Dans le sillage des Monty python ou de Peter Sellers, Sacha est là pour prouver que l’absurde permet de faire passer beaucoup de messages. En ridiculisant ses invités et en les poussant dans leurs derniers retranchements, il nous montre à quel point sous le vernis de la bien-pensance ou de la sacro-sainte liberté d’expression, nombreux sont les hommes et les femmes qui dérapent, ne voyant pas plus loin que le bout de leur bêtise. Une fois que les masques tombent, on se rend vite compte que les personnes qui ont la parole n’ont pas nécessairement le savoir qui va avec, mettant ainsi en exergue une certaine idée selon laquelle la médiatisation de tout les points de vue n’est pas bonne à prendre.

Une idée poussée à son paroxysme dans le film qui l’a révélé au grand public, Borat, sorti en 2006.

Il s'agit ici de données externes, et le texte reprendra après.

Arguments convexly_orderable {L}.
(** A formula with parameters from M is a pair (phi, c) of a formula and an
    assignment c giving the parameter values of the variables other than 0.
    A set of such formulas in x is consistent (with the elementary diagram of M)
    iff it is realized in some elementary extension of M. *)
Definition consistent_over (L : language) (M : structure L)
  (Sigma : formula L -> (nat -> M) -> Prop) : Prop :=
  exists (N : structure L) (e : M -> N), elementary M N e /\
    exists a : N, forall phi c, Sigma phi c -> sat N (upd (fun n => e (c n)) 0 a) phi.

Arguments consistent_over {L}.
Definition ict_type (L : language) (M : structure L)
  (phi : nat -> formula L) (c : nat -> nat -> M) (psi : formula L) (b : nat -> nat -> M)
  (i0 j0 : nat) : formula L -> (nat -> M) -> Prop :=
  fun chi d =>
    (chi = feq (tvar 0) (tvar 0) /\ d = c i0) \/
    (chi = phi i0 /\ d = c i0) \/
    (chi = psi /\ d = b j0) \/
    (exists i, i <> i0 /\ chi = fneg (phi i) /\ d = c i) \/
    (exists j, j <> j0 /\ chi = fneg psi /\ d = b j).

Arguments ict_type {L}.
(** T is dp-small: in no model of T (in particular not in the monster model,
    and any model embeds elementarily into it) is there such a configuration. *)
Definition dp_small (L : language) (T : theory L) : Prop :=
  forall M : structure L, is_model T M ->
    ~ exists (phi : nat -> formula L) (c : nat -> nat -> M)
             (psi : formula L) (b : nat -> nat -> M),
        forall i0 j0 : nat, consistent_over M (ict_type M phi c psi b i0 j0).
Arguments dp_small {L}.

(* If phi_i(x; a_i) and psi(x; b_j) witnessed a failure of dp-smallness, then a
   finite n x m array of it, with n larger than the number K of convex pieces of
   the instances of psi, is a first-order fact true in every model of T, in
   particular in a convexly ordered one.  There, in each column j two of the n
   points x(i, j), x(i', j) lie in one convex piece of psi(x; b_j); since m is
   large, two columns s, t share the rows i, i' and also the pieces of
   phi_i and phi_i' containing these points.  Then {x(i,s), x(i',s)} and
   {x(i,t), x(i',t)} must occupy disjoint intervals (psi(x; b_s) excludes the
   t-points and vice versa), and so must {x(i,s), x(i,t)} and {x(i',s), x(i',t)},
   which is impossible for four points of a linear order. *)

From mathcomp Require Import all_boot.
From Stdlib Require Import FunctionalExtensionality ClassicalEpsilon.

Section Syntax.
Context {L : language}.

Fixpoint rent (r : nat -> nat) (t : term L) : term L :=
  match t with
  | tvar v => tvar (r v)
  | tfun f a => tfun f (fun k => rent r (a k))
  end.

Fixpoint renf (r : nat -> nat) (p : formula L) : formula L :=
  match p with
  | fbot => fbot
  | feq t u => feq (rent r t) (rent r u)
  | frel R a => frel R (fun k => rent r (a k))
  | fneg p => fneg (renf r p)
  | fand p q => fand (renf r p) (renf r q)
  | fex n p => fex (r n) (renf r p)
  end.

Lemma eval_rent (M : structure L) (s : nat -> M) r t :
  eval M s (rent r t) = eval M (fun v => s (r v)) t.
Proof.
elim: t => [v|f a IH] //=.
by congr (finterp L M f _); apply: functional_extensionality => k; apply: IH.
Qed.

Lemma sat_renf (M : structure L) r p : injective r -> forall s : nat -> M,
  sat M s (renf r p) <-> sat M (fun v => s (r v)) p.
Proof.
move=> r_inj; elim: p => [|t u|R a|p IH|p IHp q IHq|n p IH] s /=.
- by [].
- by rewrite !eval_rent.
- suff -> : (fun k => eval M s (rent r (a k)))
            = (fun k => eval M (fun v => s (r v)) (a k)) by [].
  by apply: functional_extensionality => k; rewrite eval_rent.
- by rewrite IH.
- by rewrite IHp IHq.
- have upd_r a : (fun v => upd s (r n) a (r v)) = upd (fun v => s (r v)) n a.
    by apply: functional_extensionality => v; rewrite /upd (inj_eq r_inj).
  by split=> -[a Ha]; exists a; [rewrite -upd_r -IH | rewrite IH upd_r].
Qed.

Lemma eval_ext {M : structure L} (s s' : nat -> M) t :
  (forall v, occurs v t -> s v = s' v) -> eval M s t = eval M s' t.
Proof.
elim: t => [v|f a IH] /= ss'; first exact: ss'.
congr (finterp L M f _); apply: functional_extensionality => k.
by apply: IH => v vk; apply: ss'; exists k.
Qed.

Lemma sat_ext (M : structure L) p : forall s s' : nat -> M,
  (forall v, free_in v p -> s v = s' v) -> sat M s p <-> sat M s' p.
Proof.
elim: p => [|t u|R a|p IH|p IHp q IHq|n p IH] s s' /= ss'.
- by [].
- by rewrite (eval_ext s s' t) ?(eval_ext s s' u) // => v vf; apply: ss'; [right|left].
- suff -> : (fun k => eval M s (a k)) = (fun k => eval M s' (a k)) by [].
  apply: functional_extensionality => k.
  by apply: eval_ext => v vk; apply: ss'; exists k.
- by rewrite (IH s s').
- by rewrite (IHp s s') ?(IHq s s') // => v vf; apply: ss'; [right|left].
- have upd_ext a : forall v, free_in v p -> upd s n a v = upd s' n a v.
    move=> v vf; rewrite /upd; case: eqP => // /eqP nv.
    by apply: ss'; split=> // nv'; rewrite nv' eqxx in nv.
  by split=> -[a Ha]; exists a; [rewrite -(IH _ _ (upd_ext a)) | rewrite (IH _ _ (upd_ext a))].
Qed.

Lemma occurs_bound (t : term L) : exists V, forall v, occurs v t -> v < V.
Proof.
elim: t => [v|f a IH]; first by exists v.+1 => u /= ->.
have [V hV] := choice _ IH.
exists (\max_(k < farity f) V k) => v /= [k vk].
exact: leq_trans (hV k v vk) (leq_bigmax k).
Qed.

Lemma free_in_bound (p : formula L) : exists V, forall v, free_in v p -> v < V.
Proof.
elim: p => [|t u|R a|p IH|p IHp q IHq|n p IH].
- by exists 0.
- have [[V1 h1] [V2 h2]] := (occurs_bound t, occurs_bound u).
  by exists (maxn V1 V2) => v /= [/h1|/h2] lt; rewrite leq_max lt ?orbT.
- have [V hV] := choice _ (fun k => occurs_bound (a k)).
  exists (\max_(k < rarity R) V k) => v /= [k vk].
  exact: leq_trans (hV k v vk) (leq_bigmax k).
- by [].
- have [[V1 h1] [V2 h2]] := (IHp, IHq).
  by exists (maxn V1 V2) => v /= [/h1|/h2] lt; rewrite leq_max lt ?orbT.
- by have [V hV] := IH; exists V => v /= [_ /hV].
Qed.

Fixpoint exs (k : nat) (p : formula L) : formula L :=
  if k is k'.+1 then fex k' (exs k' p) else p.

Lemma sat_exs (M : structure L) p k : forall s : nat -> M,
  sat M s (exs k p) <-> exists2 t, (forall v, k <= v -> t v = s v) & sat M t p.
Proof.
elim: k => [|k IH] s /=.
  split=> [ps|[t st pt]]; first by exists s.
  by have -> : s = t by apply: functional_extensionality => v; rewrite st.
split=> [[a /IH[t st pt]]|[t st pt]].
  exists t => // v kv; rewrite st ?(ltnW kv) // /upd.
  by case: eqP => // vk; rewrite vk ltnn in kv.
exists (t k); apply/IH; exists t => // v kv; rewrite /upd.
by case: eqP => [->|/eqP nvk] //; apply: st; rewrite ltn_neqAle eq_sym nvk.
Qed.

Lemma free_in_exs (p : formula L) k v : free_in v (exs k p) -> k <= v /\ free_in v p.
Proof.
elim: k => [|k IH] //= [nkv /IH[kv pv]]; split=> //.
by rewrite ltn_neqAle kv andbT; apply/eqP.
Qed.

Lemma exs_sentence {p : formula L} {k} :
  (forall v, free_in v p -> v < k) -> sentence (exs k p).
Proof. by move=> bound v /free_in_exs[kv /bound]; rewrite ltnNge kv. Qed.

Fixpoint conjn (k : nat) (F : nat -> formula L) : formula L :=
  if k is k'.+1 then fand (conjn k' F) (F k') else fneg fbot.

Lemma sat_conjn (M : structure L) s k F :
  sat M s (conjn k F) <-> forall i, i < k -> sat M s (F i).
Proof.
elim: k => [|k IH] /=; first by split=> // _ i.
rewrite IH; split=> [[Fk Fk'] i|Fk]; last by split=> [i lt|]; apply: Fk => //; apply: ltnW.
by rewrite ltnS leq_eqVlt => /orP[/eqP->|]; last exact: Fk.
Qed.

Definition lit (b : bool) (p : formula L) : formula L := if b then p else fneg p.

Lemma sat_lit (M : structure L) s b p : sat M s (lit b p) <-> (sat M s p <-> b).
Proof.
case: b => /=; first by split=> [h|[_ h]] //; apply: h.
by split=> [h|[h _] /h //]; split=> // /h.
Qed.

End Syntax.

Lemma complete_theory_sat (L : language) (T : theory L) (M N : structure L) p :
  complete_theory T -> is_model T M -> is_model T N ->
  (exists s : nat -> M, sat M s p) -> exists t : nat -> N, sat N t p.
Proof.
move=> [_ [_ complete]] MT NT [s ps].
have [k bound] := free_in_bound p.
have sat_closure : sat M s (exs k p) by apply/sat_exs; exists s.
case: (complete _ (exs_sentence bound)) => [all_sat|all_neg].
  have /sat_exs[t _ pt] := all_sat N NT (fun _ => dom_inhabitant L N).
  by exists t.
by case: (all_neg M MT s).
Qed.

Section ConvexPieces.
Context {A : Type} (le : A -> A -> Prop).

Definition between (a b z : A) : Prop := (le a z /\ le z b) \/ (le b z /\ le z a).

Definition convex_union (K : nat) (D : A -> Prop) : Prop :=
  exists C : 'I_K -> A -> Prop,
    (forall k, convex le (C k)) /\ (forall a, D a <-> exists k, C k a).

Definition convex_pieces {K} (D : A -> Prop) (piece : A -> 'I_K) : Prop :=
  forall a b z, D a -> D b -> piece a = piece b -> between a b z -> D z.

Definition piecewise_convex (K : nat) (D : A -> Prop) : Prop :=
  exists piece : A -> 'I_K, convex_pieces D piece.

Lemma convex_between C a b z : convex le C -> C a -> C b -> between a b z -> C z.
Proof. by move=> cvx Ca Cb [[az zb]|[bz za]]; [apply: (cvx a z b) | apply: (cvx b z a)]. Qed.

(* One extra index: [piece] must be total even when [K = 0]. *)
Lemma convex_union_piecewise K D : convex_union K D -> piecewise_convex K.+1 D.
Proof.
move=> [C [cvx DC]].
pose inC a (k : 'I_K.+1) := exists2 k' : 'I_K, widen_ord (leqnSn K) k' = k & C k' a.
pose piece a := epsilon (inhabits ord_max) (inC a).
have piece_spec a : D a -> inC a (piece a).
  by move=> /DC[k Ck]; apply: epsilon_spec; exists (widen_ord (leqnSn K) k), k.
exists piece => a b z /piece_spec[ka eka Ca] /piece_spec[kb ekb Cb] eab abz.
have ek : ka = kb.
  by apply: val_inj; move: (congr1 val eka) (congr1 val ekb) => /= -> ->; rewrite eab.
by apply/DC; exists ka; apply: convex_between Ca _ abz; rewrite ek.
Qed.

Lemma piecewise_convex_widen K K' D : K <= K' -> piecewise_convex K D -> piecewise_convex K' D.
Proof.
move=> KK' [piece cvx]; exists (widen_ord KK' \o piece) => a b z Da Db /= eab.
by apply: cvx => //; apply: val_inj; apply: (congr1 val eab).
Qed.

Definition separated (a a' b b' : A) : Prop :=
  ~ between a a' b /\ ~ between a a' b' /\ ~ between b b' a /\ ~ between b b' a'.

(* Both pairings would have to split the four points into the lower two and
   the upper two. *)
Lemma separated_crossing a a' b b' :
  linear_order le -> separated a a' b b' -> ~ separated a b a' b'.
Proof.
case=> refl [_ [trans total]]; rewrite /separated /between.
case: (total a a') => ?; case: (total a b) => ?; case: (total a b') => ?;
case: (total a' b) => ?; case: (total a' b') => ?; case: (total b b') => ?;
  first [solve [intuition] | solve [firstorder eauto]].
Qed.

End ConvexPieces.

Lemma pigeonhole {T T' : finType} (f : T -> T') :
  #|T'| < #|T| -> exists a b, a != b /\ f a = f b.
Proof.
move=> card_lt; have /injectivePn[a [b nab fab]] : ~~ injectiveb f.
  by apply/injectiveP => /leq_card; rewrite leqNgt card_lt.
by exists a, b.
Qed.

Definition ict_point {A : Type} (P Q : nat -> A -> Prop) (n m i0 j0 : nat) (a : A) : Prop :=
  (forall i, i < n -> P i a <-> i == i0) /\ (forall j, j < m -> Q j a <-> j == j0).

Section IctArray.
Context {A : Type} (le : A -> A -> Prop) {n m KP KQ : nat}.
Context {P Q : nat -> A -> Prop} {x : nat -> nat -> A}.
Context {pieceP : 'I_n -> A -> 'I_KP} {pieceQ : 'I_m -> A -> 'I_KQ}.
Hypothesis ict : forall i0 j0, i0 < n -> j0 < m -> ict_point P Q n m i0 j0 (x i0 j0).
Hypothesis pieceP_convex : forall i : 'I_n, convex_pieces le (P i) (pieceP i).
Hypothesis pieceQ_convex : forall j : 'I_m, convex_pieces le (Q j) (pieceQ j).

https://www.youtube.com/watch?v=j4W51ndJ8Mc


Personnage devenu culte plus vite que son ombre, Borat est la pièce maîtresse de la filmographie de Sacha Baron Cohen.
Donc résumons peu résumons bien : Borat est un journaliste de télévision Kazakh, qui décide d’aller aux États-Unis afin d’étudier les Américains, leurs coutumes et leur culture, enfin la société américaine quoi, dans ce qu’elle a de plus beau (non je déconne). Borat n’a jamais quitté sa glorieuse nation, et il est impatient de découvrir tout ce que les US ont à offrir. Et il ne va pas être déçu le pépère. Entre des conservateurs plus vrais que natures et des Yankees complètement à côté de la plaque, notre Borat évolue, son sourire et ses « Niiice » en bandoulière. Plusieurs scènes sont entrées dans les annales de la satire, notamment celle des Frat Boys qui prennent Borat en stop, et lui explique leur vision de l’Amérique, le tout fortement alcoolisés. Quand un type d’une vingtaine d’années dit face caméra qu’il souhaiterait que l’esclavage existe encore pour pouvoir y prendre part, tu sens que l’ambiance tourne. Deux de ces jeunots délicieux ont d’ailleurs fait un procès à la sortie du film à Baron Cohen, qui a gagné sans jamais se départir de son sourire.
En résumé, Borat pourrait être le pendant cinématographique du Slim Shady, sauf qu’à l’inverse de ce dernier, il ne personnifie pas lui-même cette pensée, et n’en reste que le messager.

Personnage de la pop culture résolument iconique, Borat est revenu sur nos écrans en 2020 avec un nouvel opus, disponible sur Amazon Prime. Outrancier à souhait, Borat décide dans ce nouveau trip d’offrir sa fille en cadeau à Mike Pence (le vice-président des USA) et se retrouve confronté à l’épidémie de Covid-19. Laisse-moi te dire que c’est sacrément savoureux !

Sacha Baron Cohen est un génie comique, capable de se mettre dans des situations ubuesques pour laisser entrevoir le potentiel comique de ces dernières.  A travers des émissions, puis des films aussi hilarants que terrifiants (oui je t’assure que certains moments font froid dans le dos), il nous pousse à nous interroger sur la société dans son ensemble, parfois avec dégoût,  souvent avec gêne, mais toujours avec un humour et une autodérision qui force le respect. Bien loin des diktats d’Hollywood, Baron Cohen poursuit son chemin avec talent et sans avoir peur de prendre des risques. Et ça, c’est « greeeeaaat success ».

KaMelaMela

Kamélaméla aime deux choses: la blanquette et Eddy Mitchell. Sinon, de temps en temps, elle va au ciné. Voila, vous savez tout.